(* Let $0\le d\le r\le\min\{m,n\}$. If the $\mathfrak{S}_n\times\mathfrak{S}_m$-irreducible $V^\lambda\otimes V^\mu$ occurs in $R(\mathcal{Z}_{n,m,r})_d$, then $\lambda_1\le n+m-d-r$ and $\mu_1\le n+m-d-r$.
   Context: Fix positive integers $n,m$. $\mathbb{C}[\mathbf{x}_{n\times m}]$ is the polynomial ring in variables $x_{i,j}$; $\mathfrak{S}_n\times\mathfrak{S}_m$ acts by $(g,h)\cdot x_{i,j}=x_{g(i),h(j)}$ (permuting rows and columns of matrices). For finite stable $\mathcal{Z}\subseteq\mathrm{Mat}_{n\times m}(\mathbb{C})$, $R(\mathcal{Z})=\mathbb{C}[\mathbf{x}_{n\times m}]/\mathrm{gr}\,\mathbf{I}(\mathcal{Z})$, where $\mathbf{I}(\mathcal{Z})$ is the vanishing ideal and $\mathrm{gr}$ takes the ideal generated by top-degree homogeneous components of nonzero elements; it is a graded $\mathfrak{S}_n\times\mathfrak{S}_m$-module with components $R(\mathcal{Z})_d$. $\mathcal{Z}_{n,m,r}$ is the set of $n\times m$ $0/1$ matrices with exactly $r$ ones and at most one $1$ in each row and each column (rook placements with $r$ rooks). $V^\lambda$ denotes the Specht module indexed by $\lambda$. *)

From HB Require Import structures.
From mathcomp Require Import all_boot all_order all_algebra all_fingroup.
From mathcomp Require Import algC.
From mathcomp Require Import mpoly.
Set Implicit Arguments. Unset Strict Implicit. Unset Printing Implicit Defensive.
Import Order.TTheory GRing.Theory Num.Theory.
Local Open Scope ring_scope.

Definition polyI (I : finType) := {mpoly algC[#|I|]}.

Definition var (I : finType) (i : I) : polyI I := 'X_(enum_rank i).

Definition rename (I : finType) (f : I -> I) (p : polyI I) : polyI I :=
  p \mPo [tuple var (f (enum_val k)) | k < #|I|].

Definition evalI (I : finType) (z : I -> algC) (p : polyI I) : algC :=
  p.@[fun k => z (enum_val k)].

(* p is homogeneous of total degree d (0 is homogeneous of every degree). *)
Definition homog_deg (I : finType) (d : nat) (p : polyI I) : bool :=
  all [pred mo | mdeg mo == d] (msupp p).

■ ■ ■ ■ ■

- Exercise
Transcribe each record above exactly. Skip none.

- Reply
(* Let $0\le d\le r\le\min\{m,n\}$. If the $\mathfrak{S}_n\times\mathfrak{S}_m$-irreducible $V^\lambda\otimes V^\mu$ occurs in $R(\mathcal{Z}_{n,m,r})_d$, then $\lambda_1\le n+m-d-r$ and $\mu_1\le n+m-d-r$.
   Context: Fix positive integers $n,m$. $\mathbb{C}[\mathbf{x}_{n\times m}]$ is the polynomial ring in variables $x_{i,j}$; $\mathfrak{S}_n\times\mathfrak{S}_m$ acts by $(g,h)\cdot x_{i,j}=x_{g(i),h(j)}$ (permuting rows and columns of matrices). For finite stable $\mathcal{Z}\subseteq\mathrm{Mat}_{n\times m}(\mathbb{C})$, $R(\mathcal{Z})=\mathbb{C}[\mathbf{x}_{n\times m}]/\mathrm{gr}\,\mathbf{I}(\mathcal{Z})$, where $\mathbf{I}(\mathcal{Z})$ is the vanishing ideal and $\mathrm{gr}$ takes the ideal generated by top-degree homogeneous components of nonzero elements; it is a graded $\mathfrak{S}_n\times\mathfrak{S}_m$-module with components $R(\mathcal{Z})_d$. $\mathcal{Z}_{n,m,r}$ is the set of $n\times m$ $0/1$ matrices with exactly $r$ ones and at most one $1$ in each row and each column (rook placements with $r$ rooks). $V^\lambda$ denotes the Specht module indexed by $\lambda$. *)

From HB Require Import structures.
From mathcomp Require Import all_boot all_order all_algebra all_fingroup.
From mathcomp Require Import algC.
From mathcomp Require Import mpoly.
Set Implicit Arguments. Unset Strict Implicit. Unset Printing Implicit Defensive.
Import Order.TTheory GRing.Theory Num.Theory.
Local Open Scope ring_scope.

Definition polyI (I : finType) := {mpoly algC[#|I|]}.

Definition var (I : finType) (i : I) : polyI I := 'X_(enum_rank i).

Definition rename (I : finType) (f : I -> I) (p : polyI I) : polyI I :=
  p \mPo [tuple var (f (enum_val k)) | k < #|I|].

Definition evalI (I : finType) (z : I -> algC) (p : polyI I) : algC :=
  p.@[fun k => z (enum_val k)].

(* p is homogeneous of total degree d (0 is homogeneous of every degree). *)
Definition homog_deg (I : finType) (d : nat) (p : polyI I) : bool :=
  all [pred mo | mdeg mo == d] (msupp p).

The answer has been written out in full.